__Records for this task__
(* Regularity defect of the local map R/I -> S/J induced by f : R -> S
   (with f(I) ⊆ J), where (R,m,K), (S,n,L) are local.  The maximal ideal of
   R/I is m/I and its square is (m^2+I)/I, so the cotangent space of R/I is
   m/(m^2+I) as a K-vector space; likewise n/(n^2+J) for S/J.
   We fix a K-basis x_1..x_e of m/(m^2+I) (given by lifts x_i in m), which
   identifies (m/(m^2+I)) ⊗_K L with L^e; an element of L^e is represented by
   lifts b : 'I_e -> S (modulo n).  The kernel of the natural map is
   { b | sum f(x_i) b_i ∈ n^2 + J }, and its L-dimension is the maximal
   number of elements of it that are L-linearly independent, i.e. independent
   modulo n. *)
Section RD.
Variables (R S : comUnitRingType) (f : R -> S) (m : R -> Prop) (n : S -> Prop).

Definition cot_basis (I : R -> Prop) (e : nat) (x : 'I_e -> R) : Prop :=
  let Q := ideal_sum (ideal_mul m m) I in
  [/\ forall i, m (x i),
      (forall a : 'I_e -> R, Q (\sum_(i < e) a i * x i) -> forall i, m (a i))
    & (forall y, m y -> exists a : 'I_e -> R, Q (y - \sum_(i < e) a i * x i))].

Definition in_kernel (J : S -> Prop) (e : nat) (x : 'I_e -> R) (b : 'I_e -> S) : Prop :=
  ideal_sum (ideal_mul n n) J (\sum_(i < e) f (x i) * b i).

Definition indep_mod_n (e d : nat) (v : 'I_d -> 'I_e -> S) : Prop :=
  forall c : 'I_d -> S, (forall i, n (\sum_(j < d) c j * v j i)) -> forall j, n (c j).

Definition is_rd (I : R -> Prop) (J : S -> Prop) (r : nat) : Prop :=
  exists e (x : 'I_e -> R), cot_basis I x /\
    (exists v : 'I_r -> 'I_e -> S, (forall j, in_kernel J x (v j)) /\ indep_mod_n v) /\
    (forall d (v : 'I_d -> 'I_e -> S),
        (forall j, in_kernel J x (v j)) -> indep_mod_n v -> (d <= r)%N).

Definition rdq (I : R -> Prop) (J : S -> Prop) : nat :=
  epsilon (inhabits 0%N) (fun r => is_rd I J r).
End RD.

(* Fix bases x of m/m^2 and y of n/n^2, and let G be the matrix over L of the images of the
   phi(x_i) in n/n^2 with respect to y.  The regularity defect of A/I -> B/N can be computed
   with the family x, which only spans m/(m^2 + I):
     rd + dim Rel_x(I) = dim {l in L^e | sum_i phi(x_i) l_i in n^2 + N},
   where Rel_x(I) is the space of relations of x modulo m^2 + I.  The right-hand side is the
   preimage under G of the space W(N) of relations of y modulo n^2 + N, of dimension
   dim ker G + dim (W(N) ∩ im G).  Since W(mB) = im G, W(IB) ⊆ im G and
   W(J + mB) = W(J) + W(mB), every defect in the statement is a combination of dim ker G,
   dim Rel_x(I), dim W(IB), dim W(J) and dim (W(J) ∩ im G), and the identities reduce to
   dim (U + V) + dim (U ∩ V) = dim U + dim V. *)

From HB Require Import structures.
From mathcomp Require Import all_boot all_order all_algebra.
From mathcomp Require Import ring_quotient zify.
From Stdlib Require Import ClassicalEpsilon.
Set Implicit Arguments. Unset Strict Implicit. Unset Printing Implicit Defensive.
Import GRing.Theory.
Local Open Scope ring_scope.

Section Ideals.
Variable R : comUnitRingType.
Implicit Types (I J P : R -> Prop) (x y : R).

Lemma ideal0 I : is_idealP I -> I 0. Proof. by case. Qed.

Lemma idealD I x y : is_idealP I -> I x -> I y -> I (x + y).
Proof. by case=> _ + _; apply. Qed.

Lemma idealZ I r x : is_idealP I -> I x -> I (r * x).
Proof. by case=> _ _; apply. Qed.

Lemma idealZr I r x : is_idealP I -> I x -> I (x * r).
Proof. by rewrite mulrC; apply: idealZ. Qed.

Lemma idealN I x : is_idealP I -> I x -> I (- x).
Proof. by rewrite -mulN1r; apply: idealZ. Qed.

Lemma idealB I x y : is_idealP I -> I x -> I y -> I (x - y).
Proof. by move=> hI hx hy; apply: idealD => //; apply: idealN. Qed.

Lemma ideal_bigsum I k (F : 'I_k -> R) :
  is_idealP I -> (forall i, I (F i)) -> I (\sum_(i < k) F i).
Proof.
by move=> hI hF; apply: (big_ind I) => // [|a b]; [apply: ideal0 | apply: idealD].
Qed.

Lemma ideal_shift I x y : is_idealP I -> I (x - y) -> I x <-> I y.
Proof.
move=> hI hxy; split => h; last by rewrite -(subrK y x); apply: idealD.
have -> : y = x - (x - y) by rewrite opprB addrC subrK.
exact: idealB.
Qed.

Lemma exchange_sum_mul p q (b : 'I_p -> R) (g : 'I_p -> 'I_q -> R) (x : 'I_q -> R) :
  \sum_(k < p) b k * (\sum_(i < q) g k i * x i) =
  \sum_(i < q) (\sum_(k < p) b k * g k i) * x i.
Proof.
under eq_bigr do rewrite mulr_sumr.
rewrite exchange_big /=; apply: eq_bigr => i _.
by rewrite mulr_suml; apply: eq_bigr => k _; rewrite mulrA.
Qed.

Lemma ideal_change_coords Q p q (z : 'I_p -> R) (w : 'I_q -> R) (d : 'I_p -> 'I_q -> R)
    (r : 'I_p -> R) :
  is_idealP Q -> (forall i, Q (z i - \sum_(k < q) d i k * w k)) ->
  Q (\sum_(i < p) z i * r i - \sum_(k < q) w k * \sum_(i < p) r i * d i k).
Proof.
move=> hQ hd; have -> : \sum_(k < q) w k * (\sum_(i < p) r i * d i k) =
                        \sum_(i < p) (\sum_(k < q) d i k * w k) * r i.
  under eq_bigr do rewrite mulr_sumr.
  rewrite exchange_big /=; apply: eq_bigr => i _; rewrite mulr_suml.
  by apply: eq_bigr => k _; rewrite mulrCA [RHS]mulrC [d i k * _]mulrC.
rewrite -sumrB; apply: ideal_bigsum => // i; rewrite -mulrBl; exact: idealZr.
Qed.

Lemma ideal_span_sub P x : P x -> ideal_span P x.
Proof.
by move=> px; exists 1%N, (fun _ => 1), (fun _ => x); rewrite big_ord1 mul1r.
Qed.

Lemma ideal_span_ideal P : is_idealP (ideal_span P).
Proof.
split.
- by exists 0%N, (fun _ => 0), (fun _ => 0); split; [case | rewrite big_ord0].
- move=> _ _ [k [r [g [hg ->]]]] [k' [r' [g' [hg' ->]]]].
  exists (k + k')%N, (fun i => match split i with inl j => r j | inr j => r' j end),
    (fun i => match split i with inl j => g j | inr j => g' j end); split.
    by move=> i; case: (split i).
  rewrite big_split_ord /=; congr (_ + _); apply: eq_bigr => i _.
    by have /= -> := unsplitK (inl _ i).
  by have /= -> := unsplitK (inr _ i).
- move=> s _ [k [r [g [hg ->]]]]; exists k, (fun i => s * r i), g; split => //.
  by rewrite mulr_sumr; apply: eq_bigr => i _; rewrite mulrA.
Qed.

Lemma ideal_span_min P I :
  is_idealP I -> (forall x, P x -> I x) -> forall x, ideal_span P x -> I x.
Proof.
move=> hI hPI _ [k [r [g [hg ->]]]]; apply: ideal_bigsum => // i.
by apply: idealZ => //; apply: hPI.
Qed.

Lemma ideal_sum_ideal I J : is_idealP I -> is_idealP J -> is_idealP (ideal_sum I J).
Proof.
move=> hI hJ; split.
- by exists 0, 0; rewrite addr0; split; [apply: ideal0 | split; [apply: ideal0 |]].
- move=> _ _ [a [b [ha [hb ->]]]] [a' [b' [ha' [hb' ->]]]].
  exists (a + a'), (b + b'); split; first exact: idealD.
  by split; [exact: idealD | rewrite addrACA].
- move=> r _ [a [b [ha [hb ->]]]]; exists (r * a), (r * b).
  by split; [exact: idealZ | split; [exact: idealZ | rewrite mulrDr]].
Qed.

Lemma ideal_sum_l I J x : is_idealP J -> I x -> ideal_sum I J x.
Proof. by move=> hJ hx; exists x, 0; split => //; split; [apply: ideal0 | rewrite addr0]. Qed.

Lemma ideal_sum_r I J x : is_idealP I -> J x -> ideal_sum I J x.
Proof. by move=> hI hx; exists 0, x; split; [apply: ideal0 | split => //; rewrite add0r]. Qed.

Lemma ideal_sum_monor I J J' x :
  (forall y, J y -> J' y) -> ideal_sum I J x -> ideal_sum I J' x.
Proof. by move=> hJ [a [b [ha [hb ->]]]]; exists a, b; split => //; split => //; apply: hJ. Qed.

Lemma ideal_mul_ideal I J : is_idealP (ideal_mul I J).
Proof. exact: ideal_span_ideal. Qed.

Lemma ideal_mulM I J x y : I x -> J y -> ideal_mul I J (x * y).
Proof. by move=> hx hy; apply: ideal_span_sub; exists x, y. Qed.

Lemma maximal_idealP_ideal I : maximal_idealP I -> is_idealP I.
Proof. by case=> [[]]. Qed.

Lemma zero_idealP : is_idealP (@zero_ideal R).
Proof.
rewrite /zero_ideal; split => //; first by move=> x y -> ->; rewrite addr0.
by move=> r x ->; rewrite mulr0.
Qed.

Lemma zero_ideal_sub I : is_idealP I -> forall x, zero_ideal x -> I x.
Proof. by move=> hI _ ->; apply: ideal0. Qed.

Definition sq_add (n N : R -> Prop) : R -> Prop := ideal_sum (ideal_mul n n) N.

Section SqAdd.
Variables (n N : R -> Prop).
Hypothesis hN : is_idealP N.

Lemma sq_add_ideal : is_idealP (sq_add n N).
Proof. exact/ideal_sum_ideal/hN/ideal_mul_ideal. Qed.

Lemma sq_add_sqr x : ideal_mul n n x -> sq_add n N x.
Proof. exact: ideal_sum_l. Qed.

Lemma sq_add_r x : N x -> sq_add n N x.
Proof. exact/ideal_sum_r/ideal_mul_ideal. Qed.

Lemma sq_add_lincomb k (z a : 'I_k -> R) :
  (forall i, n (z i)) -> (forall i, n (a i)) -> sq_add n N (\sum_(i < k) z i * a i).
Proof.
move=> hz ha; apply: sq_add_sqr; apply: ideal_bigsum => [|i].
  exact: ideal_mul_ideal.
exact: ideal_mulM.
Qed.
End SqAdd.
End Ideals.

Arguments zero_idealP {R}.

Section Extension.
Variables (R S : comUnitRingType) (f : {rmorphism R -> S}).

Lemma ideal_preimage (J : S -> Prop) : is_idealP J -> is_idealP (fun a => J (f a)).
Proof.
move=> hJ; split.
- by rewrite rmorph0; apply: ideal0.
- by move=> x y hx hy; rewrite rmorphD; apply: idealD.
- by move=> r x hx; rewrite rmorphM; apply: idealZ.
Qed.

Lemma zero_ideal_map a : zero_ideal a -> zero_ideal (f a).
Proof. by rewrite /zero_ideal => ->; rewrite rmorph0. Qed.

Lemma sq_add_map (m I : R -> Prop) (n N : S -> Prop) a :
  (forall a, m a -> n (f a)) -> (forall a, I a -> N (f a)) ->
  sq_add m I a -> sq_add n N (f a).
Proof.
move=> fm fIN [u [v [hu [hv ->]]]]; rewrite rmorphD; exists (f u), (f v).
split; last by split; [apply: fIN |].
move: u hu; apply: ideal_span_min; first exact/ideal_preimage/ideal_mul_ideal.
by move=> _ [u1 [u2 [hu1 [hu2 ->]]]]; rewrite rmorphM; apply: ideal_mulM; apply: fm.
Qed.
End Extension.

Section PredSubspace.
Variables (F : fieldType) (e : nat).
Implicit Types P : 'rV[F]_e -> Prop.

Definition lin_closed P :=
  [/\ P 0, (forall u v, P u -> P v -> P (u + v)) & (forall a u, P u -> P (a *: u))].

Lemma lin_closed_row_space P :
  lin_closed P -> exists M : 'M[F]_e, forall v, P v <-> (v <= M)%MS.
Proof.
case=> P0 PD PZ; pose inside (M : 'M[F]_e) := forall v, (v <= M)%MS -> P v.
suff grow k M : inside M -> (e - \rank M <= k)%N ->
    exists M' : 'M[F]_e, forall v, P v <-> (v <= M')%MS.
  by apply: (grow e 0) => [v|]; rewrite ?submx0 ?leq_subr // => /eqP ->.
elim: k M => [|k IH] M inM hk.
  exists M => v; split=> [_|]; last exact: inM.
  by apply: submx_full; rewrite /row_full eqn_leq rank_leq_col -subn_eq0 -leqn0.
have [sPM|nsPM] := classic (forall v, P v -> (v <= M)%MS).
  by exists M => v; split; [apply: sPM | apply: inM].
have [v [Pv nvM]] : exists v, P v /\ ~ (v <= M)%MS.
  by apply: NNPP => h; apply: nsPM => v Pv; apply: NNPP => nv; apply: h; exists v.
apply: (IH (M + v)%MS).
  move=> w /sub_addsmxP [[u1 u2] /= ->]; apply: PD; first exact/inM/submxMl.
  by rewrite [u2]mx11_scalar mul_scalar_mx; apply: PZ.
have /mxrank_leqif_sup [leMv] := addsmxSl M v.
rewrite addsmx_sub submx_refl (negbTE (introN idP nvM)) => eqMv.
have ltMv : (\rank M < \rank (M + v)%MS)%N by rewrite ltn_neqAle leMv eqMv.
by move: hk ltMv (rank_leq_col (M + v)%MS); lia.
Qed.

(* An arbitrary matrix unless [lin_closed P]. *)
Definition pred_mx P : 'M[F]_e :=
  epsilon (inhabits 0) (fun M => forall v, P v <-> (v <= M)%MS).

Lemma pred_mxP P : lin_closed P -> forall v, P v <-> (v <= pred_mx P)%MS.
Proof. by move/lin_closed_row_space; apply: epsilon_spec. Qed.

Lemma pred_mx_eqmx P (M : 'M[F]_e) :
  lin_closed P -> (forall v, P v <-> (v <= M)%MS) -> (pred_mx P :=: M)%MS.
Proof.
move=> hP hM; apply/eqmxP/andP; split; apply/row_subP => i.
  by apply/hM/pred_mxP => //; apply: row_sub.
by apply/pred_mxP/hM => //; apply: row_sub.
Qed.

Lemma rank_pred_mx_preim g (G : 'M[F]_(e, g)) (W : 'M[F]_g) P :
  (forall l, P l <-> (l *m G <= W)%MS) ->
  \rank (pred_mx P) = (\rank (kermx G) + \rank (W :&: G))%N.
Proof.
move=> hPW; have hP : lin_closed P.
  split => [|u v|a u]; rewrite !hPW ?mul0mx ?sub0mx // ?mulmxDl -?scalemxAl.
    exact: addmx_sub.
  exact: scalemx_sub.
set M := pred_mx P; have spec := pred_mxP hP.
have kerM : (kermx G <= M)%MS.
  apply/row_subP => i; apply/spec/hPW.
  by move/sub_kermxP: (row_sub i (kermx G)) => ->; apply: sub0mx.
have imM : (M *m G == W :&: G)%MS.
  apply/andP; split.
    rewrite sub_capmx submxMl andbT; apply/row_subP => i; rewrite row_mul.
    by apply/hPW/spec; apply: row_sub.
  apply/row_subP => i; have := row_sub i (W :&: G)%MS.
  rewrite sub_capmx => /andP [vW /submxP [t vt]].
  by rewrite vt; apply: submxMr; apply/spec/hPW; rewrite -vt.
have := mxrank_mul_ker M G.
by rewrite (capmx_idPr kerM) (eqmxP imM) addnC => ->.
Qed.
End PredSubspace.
--
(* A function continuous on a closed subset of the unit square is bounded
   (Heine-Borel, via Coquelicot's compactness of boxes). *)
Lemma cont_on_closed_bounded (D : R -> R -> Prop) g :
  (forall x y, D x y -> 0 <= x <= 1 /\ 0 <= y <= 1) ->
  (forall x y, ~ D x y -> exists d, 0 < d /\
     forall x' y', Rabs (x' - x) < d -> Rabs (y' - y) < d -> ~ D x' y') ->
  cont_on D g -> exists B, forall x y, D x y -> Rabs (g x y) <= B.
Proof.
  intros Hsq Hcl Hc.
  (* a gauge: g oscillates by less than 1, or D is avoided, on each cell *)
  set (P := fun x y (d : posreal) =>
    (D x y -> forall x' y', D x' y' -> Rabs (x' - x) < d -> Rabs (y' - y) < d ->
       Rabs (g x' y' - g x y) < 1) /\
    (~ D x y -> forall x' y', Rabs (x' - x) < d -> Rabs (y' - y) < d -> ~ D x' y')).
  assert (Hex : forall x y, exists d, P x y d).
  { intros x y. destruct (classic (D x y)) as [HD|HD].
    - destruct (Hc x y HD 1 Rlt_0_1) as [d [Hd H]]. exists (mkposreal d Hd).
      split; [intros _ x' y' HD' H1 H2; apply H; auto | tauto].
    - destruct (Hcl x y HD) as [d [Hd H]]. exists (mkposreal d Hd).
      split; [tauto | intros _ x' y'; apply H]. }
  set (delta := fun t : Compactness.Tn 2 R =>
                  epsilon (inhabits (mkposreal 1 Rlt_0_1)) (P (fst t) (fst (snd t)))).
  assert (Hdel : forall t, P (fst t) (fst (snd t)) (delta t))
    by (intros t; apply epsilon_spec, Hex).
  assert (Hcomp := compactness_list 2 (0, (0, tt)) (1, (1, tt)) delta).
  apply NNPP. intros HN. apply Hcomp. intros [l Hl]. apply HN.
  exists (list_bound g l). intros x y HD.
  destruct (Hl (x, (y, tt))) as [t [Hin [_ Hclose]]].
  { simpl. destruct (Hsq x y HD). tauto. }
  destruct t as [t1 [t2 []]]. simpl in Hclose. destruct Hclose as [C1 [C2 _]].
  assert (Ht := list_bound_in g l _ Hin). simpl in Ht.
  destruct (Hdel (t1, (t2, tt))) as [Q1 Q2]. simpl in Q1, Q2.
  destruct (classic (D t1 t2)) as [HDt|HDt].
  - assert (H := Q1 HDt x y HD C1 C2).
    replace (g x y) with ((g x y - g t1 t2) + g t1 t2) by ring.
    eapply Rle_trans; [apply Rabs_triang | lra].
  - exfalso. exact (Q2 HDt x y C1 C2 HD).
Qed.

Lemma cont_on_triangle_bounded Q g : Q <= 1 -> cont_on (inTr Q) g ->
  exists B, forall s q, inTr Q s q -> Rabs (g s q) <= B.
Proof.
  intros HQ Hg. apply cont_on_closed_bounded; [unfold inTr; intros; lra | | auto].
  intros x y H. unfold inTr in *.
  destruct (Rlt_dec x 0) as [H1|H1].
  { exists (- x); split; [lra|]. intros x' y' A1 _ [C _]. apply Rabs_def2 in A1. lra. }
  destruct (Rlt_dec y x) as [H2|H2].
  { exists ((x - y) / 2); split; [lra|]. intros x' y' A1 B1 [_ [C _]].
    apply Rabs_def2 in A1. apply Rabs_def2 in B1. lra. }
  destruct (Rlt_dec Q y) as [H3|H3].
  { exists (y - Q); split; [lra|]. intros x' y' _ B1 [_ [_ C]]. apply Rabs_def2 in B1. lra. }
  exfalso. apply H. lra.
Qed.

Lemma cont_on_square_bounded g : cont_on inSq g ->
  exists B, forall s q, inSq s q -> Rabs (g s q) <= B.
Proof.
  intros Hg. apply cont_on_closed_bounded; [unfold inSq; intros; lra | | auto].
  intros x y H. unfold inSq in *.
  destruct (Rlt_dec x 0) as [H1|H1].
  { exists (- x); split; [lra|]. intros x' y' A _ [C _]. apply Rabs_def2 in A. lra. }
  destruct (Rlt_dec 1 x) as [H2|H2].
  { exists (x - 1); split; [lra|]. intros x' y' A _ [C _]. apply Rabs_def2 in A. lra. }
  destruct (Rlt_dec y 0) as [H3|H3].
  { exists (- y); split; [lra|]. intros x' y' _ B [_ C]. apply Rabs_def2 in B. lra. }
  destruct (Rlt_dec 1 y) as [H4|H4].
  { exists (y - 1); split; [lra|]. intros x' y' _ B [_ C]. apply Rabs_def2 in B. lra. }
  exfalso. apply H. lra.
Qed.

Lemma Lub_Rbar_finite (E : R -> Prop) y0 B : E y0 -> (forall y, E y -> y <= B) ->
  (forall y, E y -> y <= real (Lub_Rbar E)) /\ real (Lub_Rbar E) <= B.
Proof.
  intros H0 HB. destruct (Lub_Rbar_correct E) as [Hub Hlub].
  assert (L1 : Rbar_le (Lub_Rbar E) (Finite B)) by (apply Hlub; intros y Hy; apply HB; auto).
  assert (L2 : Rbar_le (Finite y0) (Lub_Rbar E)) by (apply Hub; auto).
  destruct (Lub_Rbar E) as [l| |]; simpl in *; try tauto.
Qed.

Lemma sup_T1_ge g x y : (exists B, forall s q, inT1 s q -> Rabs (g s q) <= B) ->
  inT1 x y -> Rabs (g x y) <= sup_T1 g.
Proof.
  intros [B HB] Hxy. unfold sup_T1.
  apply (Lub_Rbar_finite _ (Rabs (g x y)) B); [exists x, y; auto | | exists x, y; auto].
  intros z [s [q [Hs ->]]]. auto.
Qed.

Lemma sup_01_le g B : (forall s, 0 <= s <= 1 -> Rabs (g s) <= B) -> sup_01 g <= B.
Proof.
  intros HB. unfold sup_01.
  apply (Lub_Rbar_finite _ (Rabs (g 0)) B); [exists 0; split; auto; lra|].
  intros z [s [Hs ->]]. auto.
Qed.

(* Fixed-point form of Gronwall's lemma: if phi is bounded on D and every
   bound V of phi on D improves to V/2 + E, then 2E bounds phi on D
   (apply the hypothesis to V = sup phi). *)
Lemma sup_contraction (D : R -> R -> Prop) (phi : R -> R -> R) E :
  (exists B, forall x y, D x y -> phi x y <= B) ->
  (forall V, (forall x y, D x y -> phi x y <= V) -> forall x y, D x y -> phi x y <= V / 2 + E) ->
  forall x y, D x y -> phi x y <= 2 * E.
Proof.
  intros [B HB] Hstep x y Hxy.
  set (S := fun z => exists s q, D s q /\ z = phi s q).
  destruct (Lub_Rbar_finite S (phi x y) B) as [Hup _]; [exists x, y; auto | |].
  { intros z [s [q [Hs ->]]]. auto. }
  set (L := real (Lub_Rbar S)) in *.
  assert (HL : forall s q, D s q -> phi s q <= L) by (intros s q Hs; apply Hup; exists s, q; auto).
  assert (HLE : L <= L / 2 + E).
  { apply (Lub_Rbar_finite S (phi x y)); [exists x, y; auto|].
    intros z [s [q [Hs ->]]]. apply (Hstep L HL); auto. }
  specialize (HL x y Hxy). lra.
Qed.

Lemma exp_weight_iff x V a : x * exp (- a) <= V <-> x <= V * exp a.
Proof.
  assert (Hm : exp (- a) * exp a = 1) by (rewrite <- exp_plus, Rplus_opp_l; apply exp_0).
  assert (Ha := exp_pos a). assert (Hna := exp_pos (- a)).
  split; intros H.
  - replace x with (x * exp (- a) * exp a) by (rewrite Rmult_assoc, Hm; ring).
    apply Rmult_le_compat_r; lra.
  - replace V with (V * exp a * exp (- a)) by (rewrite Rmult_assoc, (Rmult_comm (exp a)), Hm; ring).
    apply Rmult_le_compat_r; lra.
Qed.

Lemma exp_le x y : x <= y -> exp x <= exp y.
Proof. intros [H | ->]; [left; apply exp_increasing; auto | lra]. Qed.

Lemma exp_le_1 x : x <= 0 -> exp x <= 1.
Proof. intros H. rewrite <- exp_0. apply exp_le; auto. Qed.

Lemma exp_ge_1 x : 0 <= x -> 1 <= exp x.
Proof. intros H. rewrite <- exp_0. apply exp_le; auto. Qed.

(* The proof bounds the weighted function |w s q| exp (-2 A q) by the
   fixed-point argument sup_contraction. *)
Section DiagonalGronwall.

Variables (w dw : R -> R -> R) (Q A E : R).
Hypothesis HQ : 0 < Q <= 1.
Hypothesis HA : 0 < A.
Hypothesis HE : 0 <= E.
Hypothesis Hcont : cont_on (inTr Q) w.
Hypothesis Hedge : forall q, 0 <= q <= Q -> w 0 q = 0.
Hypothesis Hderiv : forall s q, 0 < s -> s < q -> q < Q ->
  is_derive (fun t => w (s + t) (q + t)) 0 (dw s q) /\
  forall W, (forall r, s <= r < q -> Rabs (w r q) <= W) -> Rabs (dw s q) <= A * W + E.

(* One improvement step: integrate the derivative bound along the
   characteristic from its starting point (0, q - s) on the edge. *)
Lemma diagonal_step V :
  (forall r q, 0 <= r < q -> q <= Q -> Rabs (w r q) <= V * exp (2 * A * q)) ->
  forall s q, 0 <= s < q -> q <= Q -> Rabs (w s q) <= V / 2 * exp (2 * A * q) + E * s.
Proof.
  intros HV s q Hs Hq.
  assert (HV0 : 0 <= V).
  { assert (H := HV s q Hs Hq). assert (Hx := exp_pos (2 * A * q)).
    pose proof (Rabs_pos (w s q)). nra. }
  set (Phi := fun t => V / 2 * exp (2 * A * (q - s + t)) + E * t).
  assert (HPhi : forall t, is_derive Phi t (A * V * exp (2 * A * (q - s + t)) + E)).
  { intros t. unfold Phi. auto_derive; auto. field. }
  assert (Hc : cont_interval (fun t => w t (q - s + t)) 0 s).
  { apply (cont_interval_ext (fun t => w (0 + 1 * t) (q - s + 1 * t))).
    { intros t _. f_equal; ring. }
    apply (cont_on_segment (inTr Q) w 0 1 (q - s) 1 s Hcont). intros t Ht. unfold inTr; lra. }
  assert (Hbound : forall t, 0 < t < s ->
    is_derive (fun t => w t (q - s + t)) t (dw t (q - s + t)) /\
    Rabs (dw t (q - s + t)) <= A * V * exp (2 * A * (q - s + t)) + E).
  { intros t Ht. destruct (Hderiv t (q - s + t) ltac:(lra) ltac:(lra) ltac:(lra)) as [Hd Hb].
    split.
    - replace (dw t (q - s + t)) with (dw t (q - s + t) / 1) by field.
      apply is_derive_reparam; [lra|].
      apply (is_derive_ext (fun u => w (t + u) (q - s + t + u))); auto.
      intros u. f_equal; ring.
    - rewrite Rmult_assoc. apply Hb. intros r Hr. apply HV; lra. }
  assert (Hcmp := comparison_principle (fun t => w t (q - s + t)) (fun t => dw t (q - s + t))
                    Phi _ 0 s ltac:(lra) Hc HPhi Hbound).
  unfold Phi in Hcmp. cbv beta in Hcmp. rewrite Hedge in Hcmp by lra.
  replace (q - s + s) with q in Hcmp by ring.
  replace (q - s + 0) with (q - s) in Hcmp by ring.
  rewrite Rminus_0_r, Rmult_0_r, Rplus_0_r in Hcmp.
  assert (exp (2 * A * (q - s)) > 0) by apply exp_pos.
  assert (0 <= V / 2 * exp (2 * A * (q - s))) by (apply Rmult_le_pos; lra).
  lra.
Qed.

__Problem description__
In the listing above, find the line containing "- move=> _ _ [a" and the line containing "Lemma ideal_sum_l I", then quote both, plus every line between them, exactly as written.

__Response for this exercise__
- move=> _ _ [a [b [ha [hb ->]]]] [a' [b' [ha' [hb' ->]]]].
  exists (a + a'), (b + b'); split; first exact: idealD.
  by split; [exact: idealD | rewrite addrACA].
- move=> r _ [a [b [ha [hb ->]]]]; exists (r * a), (r * b).
  by split; [exact: idealZ | split; [exact: idealZ | rewrite mulrDr]].
Qed.

Lemma ideal_sum_l I J x : is_idealP J -> I x -> ideal_sum I J x.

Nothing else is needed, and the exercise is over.